I hope you have a crew to spot you. When you fail in a shirt it's at the top where your triceps give out. Catastrophe!!! 

It is weird though. Like the shirt is trying to squeeze the life out of you at the bottom. 

Take a look at some shirted bench instruction vids... There are two schools to watch for. Check out Lois Simmons at Westside Barbell and Sebastian Burns at Metal Militia. 

Keep in mind where your bar path is depends on the shirt. Each shirt has its own sweet spot and you'll need to find it. Nice and slow on the decent and it will kinda steer you in the right direction.


----------



## Lulu66 (Aug 3, 2012)

I have never tried one... This is on my to do list tho...


----------



## PillarofBalance (Aug 3, 2012)

Lulu66 said:


> I have never tried one... This is on my to do list tho...

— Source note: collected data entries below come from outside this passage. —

(* Let $x=(B_1,B_2,i,j)\in\mathbf M_{V,W}$ and $x'=(B_1',B_2',i',j')\in\mathbf M_{V',W'}$ be such that $B_1$ and $B_1'$ have no common eigenvalue. If $x$ and $x'$ are both stable (resp. both costable), then $\mathsf T(x,x')$ is stable (resp. costable).
   Context: For vector spaces $V,W$, $\mathbf M_{V,W}=\mathrm{End}(V)^{\oplus2}\oplus\mathrm{Hom}(W,V)\oplus\mathrm{Hom}(V,W)$. A datum $(B_1,B_2,i,j)$ is stable if no proper subspace of $V$ containing $\mathrm{Im}(i)$ is invariant under $B_1,B_2$, and costable if no nonzero subspace of $\mathrm{Ker}(j)$ is invariant under $B_1,B_2$. Let $\widetilde V=V\otimes W'\oplus W\otimes V'$, $\widetilde W=W\otimes W'$. When $B_1,B_1'$ have no common eigenvalue, $\mathsf T(x,x')\in\mathbf M_{\widetilde V,\widetilde W}$ is $$\Bigl(\begin{pmatrix}B_1\otimes\mathrm{Id}_{W'}&0\\0&\mathrm{Id}_W\otimes B_1'\end{pmatrix},\begin{pmatrix}B_2\otimes\mathrm{Id}_{W'}&\widetilde B^{(1,2)}\\\widetilde B^{(2,1)}&\mathrm{Id}_W\otimes B_2'\end{pmatrix},\begin{pmatrix}i\otimes\mathrm{Id}_{W'}\\\mathrm{Id}_W\otimes i'\end{pmatrix},\begin{pmatrix}j\otimes\mathrm{Id}_{W'}&\mathrm{Id}_W\otimes j'\end{pmatrix}\Bigr),$$ where $\widetilde B^{(1,2)}\colon W\otimes V'\to V\otimes W'$ and $\widetilde B^{(2,1)}\colon V\otimes W'\to W\otimes V'$ are the unique solutions of $(B_1\otimes\mathrm{Id}_{W'})\widetilde B^{(1,2)}-\widetilde B^{(1,2)}(\mathrm{Id}_W\otimes B_1')+i\otimes j'=0$ and $(\mathrm{Id}_W\otimes B_1')\widetilde B^{(2,1)}-\widetilde B^{(2,1)}(B_1\otimes\mathrm{Id}_{W'})+j\otimes i'=0$. *)

From HB Require Import structures.
From mathcomp Require Import all_boot all_order all_algebra.
From mathcomp Require Export mxtens.
Set Implicit Arguments. Unset Strict Implicit. Unset Printing Implicit Defensive.
Import GRing.Theory.
Local Open Scope ring_scope.

(* Conventions: V = F^n, W = F^w, with MathComp's ROW-vector convention:
   a linear map f : X -> Y (dim X = a, dim Y = b) is a matrix M : 'M_(a,b)
   acting by v |-> v *m M, so f \o g corresponds to M_g *m M_f.
   A datum x = (B1,B2,i,j) in M_{V,W} is:
     B1 B2 : 'M_n  (End V),  i : 'M_(w,n)  (Hom(W,V)),  j : 'M_(n,w) (Hom(V,W)).
   Subspaces of V are row spaces of square matrices S : 'M_n. *)

Definition invariant2 (F : fieldType) (n : nat) (B1 B2 S : 'M[F]_n) : Prop :=
  stablemx S B1 /\ stablemx S B2.

Definition stable (F : fieldType) (n w : nat)
  (B1 B2 : 'M[F]_n) (i : 'M[F]_(w, n)) (j : 'M[F]_(n, w)) : Prop :=
  forall S : 'M[F]_n, (i <= S)%MS -> invariant2 B1 B2 S -> (S :=: 1%:M)%MS.

Definition costable (F : fieldType) (n w : nat)
  (B1 B2 : 'M[F]_n) (i : 'M[F]_(w, n)) (j : 'M[F]_(n, w)) : Prop :=
  forall S : 'M[F]_n, (S <= kermx j)%MS -> invariant2 B1 B2 S -> S = 0.

Definition no_common_eigenvalue (F : fieldType) (n n' : nat)
  (A : 'M[F]_n) (A' : 'M[F]_n') : Prop :=
  forall a : F, ~ (eigenvalue A a /\ eigenvalue A' a).

(* Bt12 : W (x) V' -> V (x) W' solves
   (B1 (x) Id_W') Bt12 - Bt12 (Id_W (x) B1') + i (x) j' = 0  *)
Definition sylv12 (F : fieldType) (n w n' w' : nat)
  (B1 : 'M[F]_n) (i : 'M[F]_(w, n)) (B1' : 'M[F]_n') (j' : 'M[F]_(n', w'))
  (Bt12 : 'M[F]_(w * n', n * w')) : Prop :=
  Bt12 *m (B1 *t (1%:M : 'M[F]_w')) - (1%:M : 'M[F]_w) *t B1' *m Bt12
    + i *t j' = 0.

(* Bt21 : V (x) W' -> W (x) V' solves
   (Id_W (x) B1') Bt21 - Bt21 (B1 (x) Id_W') + j (x) i' = 0  *)
Definition sylv21 (F : fieldType) (n w n' w' : nat)
  (B1 : 'M[F]_n) (j : 'M[F]_(n, w)) (B1' : 'M[F]_n') (i' : 'M[F]_(w', n'))
  (Bt21 : 'M[F]_(n * w', w * n')) : Prop :=
  Bt21 *m ((1%:M : 'M[F]_w) *t B1') - B1 *t (1%:M : 'M[F]_w') *m Bt21
    + j *t i' = 0.

(* Components of T(x,x') in M_{Vt,Wt}, Vt = V(x)W' (+) W(x)V', Wt = W(x)W',
   given the solutions Bt12, Bt21 (row-vector convention, hence the
   off-diagonal blocks appear transposed in block_mx). *)
Section T.
Variables (F : fieldType) (n w n' w' : nat).
Variables (B1 B2 : 'M[F]_n) (i : 'M[F]_(w, n)) (j : 'M[F]_(n, w)).
Variables (B1' B2' : 'M[F]_n') (i' : 'M[F]_(w', n')) (j' : 'M[F]_(n', w')).
Variables (Bt12 : 'M[F]_(w * n', n * w')) (Bt21 : 'M[F]_(n * w', w * n')).

Definition T_B1 : 'M[F]_(n * w' + w * n') :=
  block_mx (B1 *t (1%:M : 'M[F]_w')) 0 0 ((1%:M : 'M[F]_w) *t B1').
Definition T_B2 : 'M[F]_(n * w' + w * n') :=
  block_mx (B2 *t (1%:M : 'M[F]_w')) Bt21 Bt12 ((1%:M : 'M[F]_w) *t B2').
Definition T_i : 'M[F]_(w * w', n * w' + w * n') :=
  row_mx (i *t (1%:M : 'M[F]_w')) ((1%:M : 'M[F]_w) *t i').
Definition T_j : 'M[F]_(n * w' + w * n', w * w') :=
  col_mx (j *t (1%:M : 'M[F]_w')) ((1%:M : 'M[F]_w) *t j').
End T.

From HB Require Import structures.
From mathcomp Require Import all_boot all_order all_algebra.
Set Implicit Arguments. Unset Strict Implicit. Unset Printing Implicit Defensive.
Import GRing.Theory.
Local Open Scope ring_scope.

Just don't tell Gfunky lol...


----------



## PillarofBalance (Aug 3, 2012)

Hey big Worm what were you wearing for a shirt? Gonna try a DL suit or briefs too? Plans to compete equipped?


----------



## Big Worm (Aug 4, 2012)

Pillar, the shirt was a Titan F6.  We always have a spotter(s).  It was a quick little trial at the end of the night so I didnt spend much time in it.  6 reps I think, all off of a 3 board and worked up to 500.  Just need more time in it to get the hang of it.  I have worn briefs but never a suit.  There is a meet in November that Ill probably do if I can get the training in for it.


----------



## ken Sass (Nov 12, 2012)

i want to get strong enough to compete in a bench contest


----------



## theminister (Nov 12, 2012)

Mate you should try and experience a suit next!


----------



## heavydeads83 (Nov 16, 2012)

all the guys i train with use shirts when they compete.  there isn't that much too it bro.  i bench 335 raw now so i'm gonna get in a shirt soon.   elbows in at the bottom and flare them out as you go up.  as pillarofbalance said it gets harder as you go up but thats what spotters are for  if you're training with dudes in shirts i'm sure they know how to spot.  give it hell dude.


----------



## Georgia (Nov 17, 2012)

I think when I go for 185 next week I will wear one.


----------